--- Supplied material ---

Lemma laplacian_quad (y : 'rV[R]_n) :
  2%:R * (y *m L *m y^T) 0 0 = \sum_i \sum_j a i j * (y 0 i - y 0 j) ^+ 2.
Proof.
have quadE : (y *m L *m y^T) 0 0 = \sum_j \sum_i a i j * (y 0 j ^+ 2 - y 0 i * y 0 j).
  rewrite mxE; apply: eq_bigr => j _.
  rewrite [y^T _ _]mxE mul_laplacian degE_col big_distrl -sumrB big_distrl /=.
  by apply: eq_bigr => i _; ring.
rewrite mulr_natl mulr2n {1}quadE exchange_big quadE -big_split /=.
apply: eq_bigr => i _; rewrite -big_split /=; apply: eq_bigr => j _.
by rewrite /a adjC; ring.
Qed.

Lemma laplacian_eigenvalue_le mu : eigenvalue L mu -> mu <= n%:R.
Proof.
case/eigenvalueP => y yL y_neq0; set N2 := (y *m y^T) 0 0.
have N2E : N2 = \sum_i y 0 i ^+ 2.
  by rewrite /N2 mxE; apply: eq_bigr => i _; rewrite mxE expr2.
have N2_gt0 : 0 < N2.
  rewrite N2E lt_def sumr_ge0 ?andbT => [|i _]; last exact: sqr_ge0.
  apply: contraNneq y_neq0 => /psumr_eq0P y0; apply/eqP/rowP => i.
  by apply/eqP; rewrite mxE -sqrf_eq0 y0 // => ? _; exact: sqr_ge0.
have quad_le : 2%:R * (y *m L *m y^T) 0 0 <= 2%:R * (n%:R * N2).
  rewrite laplacian_quad.
  apply: le_trans (_ : _ <= \sum_i \sum_j (y 0 i - y 0 j) ^+ 2) _.
    apply: ler_sum => i _; apply: ler_sum => j _.
    by rewrite ler_piMl ?sqr_ge0 // /a; case: adj.
  by rewrite sum_sqr_diff card_ord N2E ler_pM2l // gerDl oppr_le0 sqr_ge0.
rewrite yL -scalemxAl mxE -/N2 ler_pM2l // in quad_le.
by rewrite -(ler_pM2r N2_gt0).
Qed.

Let codeg v j := \sum_i a v i * a i j.

Lemma sum_codeg v : \sum_j codeg v j = \sum_i d i * a v i.
Proof.
rewrite exchange_big /=; apply: eq_bigr => i _.
by rewrite -big_distrr /= -degE mulrC.
Qed.

Lemma adj_idem u v : a u v * a u v = a u v.
Proof. by rewrite /a; case: adj; rewrite ?mulr1 ?mulr0. Qed.

Definition centered_row v : 'rV[R]_n := \row_u (a v u - d v / n%:R).

Lemma centered_row_mul_laplacian v j :
  (centered_row v *m L) 0 j = d j * a v j - codeg v j.
Proof.
rewrite mul_laplacian mxE.
under eq_bigr => i _ do rewrite mxE mulrBl.
by rewrite sumrB -big_distrr /= -degE_col /codeg; ring.
Qed.

Lemma quad_centered_row v :
  (centered_row v *m L *m (centered_row v)^T) 0 0 =
  \sum_j d j * a v j - \sum_j codeg v j * a v j.
Proof.
rewrite mxE.
under eq_bigr => j _ do rewrite centered_row_mul_laplacian !mxE mulrBr.
rewrite sumrB -big_distrl /= sumrB sum_codeg subrr mul0r subr0 -sumrB.
by apply: eq_bigr => j _; rewrite mulrBl -mulrA adj_idem.
Qed.

Lemma norm_centered_row v :
  n%:R * (centered_row v *m (centered_row v)^T) 0 0 = n%:R * d v - d v ^+ 2.
Proof.
have n_neq0 : n%:R != 0 :> R by rewrite pnatr_eq0 -lt0n (leq_ltn_trans _ (ltn_ord v)).
have -> : (centered_row v *m (centered_row v)^T) 0 0 =
          \sum_j (a v j - 2%:R * (d v / n%:R) * a v j + (d v / n%:R) ^+ 2).
  rewrite mxE; apply: eq_bigr => j _; rewrite !mxE -{3}adj_idem; ring.
rewrite big_split sumrB /= -!big_distrr /= -degE sumr_const card_ord.
by rewrite -mulr_natl; field.
Qed.

Lemma sum_quad_centered_row :
  \sum_v (centered_row v *m L *m (centered_row v)^T) 0 0 =
  \sum_v d v ^+ 2 - 6%:R * (num_triangles adj)%:R.
Proof.
under eq_bigr => v _ do rewrite quad_centered_row.
rewrite sumrB; congr (_ - _).
  rewrite exchange_big /=; apply: eq_bigr => j _.
  by rewrite -big_distrr /= -degE_col expr2.
rewrite -natrM -sum_closed_walks3 // natr_sum; apply: eq_bigr => v _.
rewrite /codeg; under [LHS]eq_bigr => j _ do rewrite big_distrl /=.
rewrite natr_sum exchange_big /=; apply: eq_bigr => i _.
rewrite natr_sum; apply: eq_bigr => j _.
by rewrite /a [adj j v]adjC; case: (adj v i); case: (adj i j); case: (adj v j);
  rewrite /= ?mulr0 ?mul0r ?mulr1.
Qed.

Lemma sum_norm_centered_row :
  n%:R * \sum_v (centered_row v *m (centered_row v)^T) 0 0 =
  2%:R * n%:R * (num_edges adj)%:R - \sum_v d v ^+ 2.
Proof.
rewrite mulr_sumr; under eq_bigr => v _ do rewrite norm_centered_row.
rewrite sumrB -mulr_sumr -mulrA mulrCA -natrM -sum_adj // natr_sum.
by congr (_ * _ - _); apply: eq_bigr => v _; rewrite degE natr_sum.
Qed.

Lemma centered_row_eigen_nbhd v j mu :
  centered_row v *m L = mu *: centered_row v -> ~~ adj v j ->
  forall i, adj v i -> adj j i.
Proof.
move=> eig nvj i vi.
have entry k : d k * a v k - codeg v k = mu * (a v k - d v / n%:R).
  by rewrite -centered_row_mul_laplacian eig !mxE.
have codeg_vv : codeg v v = d v.
  by rewrite degE; apply: eq_bigr => u _; rewrite [a u v]/a adjC adj_idem.
have codeg_vj : codeg v j = d v.
  have := entry v; have := entry j.
  by rewrite /a (negbTE nvj) adj_irr codeg_vv /= !mulr0 !sub0r; lra.
have : \sum_k a v k * (1 - a k j) = 0.
  under eq_bigr => k _ do rewrite mulrBr mulr1.
  by rewrite sumrB -degE -[X in _ - X]/(codeg v j) codeg_vj subrr.
have term_ge0 k : 0 <= a v k * (1 - a k j).
  by rewrite mulr_ge0 ?ler0n // subr_ge0 /a; case: adj.
move/psumr_eq0P => /(_ (fun k _ => term_ge0 k)) /(_ i isT); rewrite /a vi mul1r adjC.
by case: adj => //; rewrite subr0 => /eqP; rewrite oner_eq0.
Qed.

Lemma centered_row_eigen_n v :
  complete_multipartite adj -> centered_row v *m L = n%:R *: centered_row v.
Proof.
move=> /complete_multipartiteP same_nbhd; apply/rowP => j.
have n_neq0 : n%:R != 0 :> R by rewrite pnatr_eq0 -lt0n (leq_ltn_trans _ (ltn_ord v)).
have nonadj_eq i : ~~ adj i j -> a v i = a v j.
  by move/same_nbhd/setP/(_ v); rewrite !inE /a adjC [adj v j]adjC => ->.
have codeg_gap : d v - codeg v j = a v j * (n%:R - d j).
  have -> : n%:R = \sum_(i < n) (1 : R) by rewrite sumr_const card_ord.
  rewrite degE /codeg -sumrB degE_col -sumrB big_distrr /=.
  apply: eq_bigr => i _; have [ij | nij] := boolP (adj i j).
    by rewrite /a ij mulr1 !subrr mulr0.
  by rewrite (nonadj_eq i nij) /a (negbTE nij) /= mulr0 !subr0 mulr1.
rewrite centered_row_mul_laplacian !mxE.
have -> : codeg v j = d v - a v j * (n%:R - d j) by rewrite -codeg_gap; ring.
by field.
Qed.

---

● **Instructions for the task**
After locating the line holding "Lemma norm_centered_row v" above, output exactly that line and every line after it through the line holding "rewrite mxE; apply: eq_bigr => j _;". Include nothing else.

● **Result of the exercise**
Lemma norm_centered_row v :
  n%:R * (centered_row v *m (centered_row v)^T) 0 0 = n%:R * d v - d v ^+ 2.
Proof.
have n_neq0 : n%:R != 0 :> R by rewrite pnatr_eq0 -lt0n (leq_ltn_trans _ (ltn_ord v)).
have -> : (centered_row v *m (centered_row v)^T) 0 0 =
          \sum_j (a v j - 2%:R * (d v / n%:R) * a v j + (d v / n%:R) ^+ 2).
  rewrite mxE; apply: eq_bigr => j _; rewrite !mxE -{3}adj_idem; ring.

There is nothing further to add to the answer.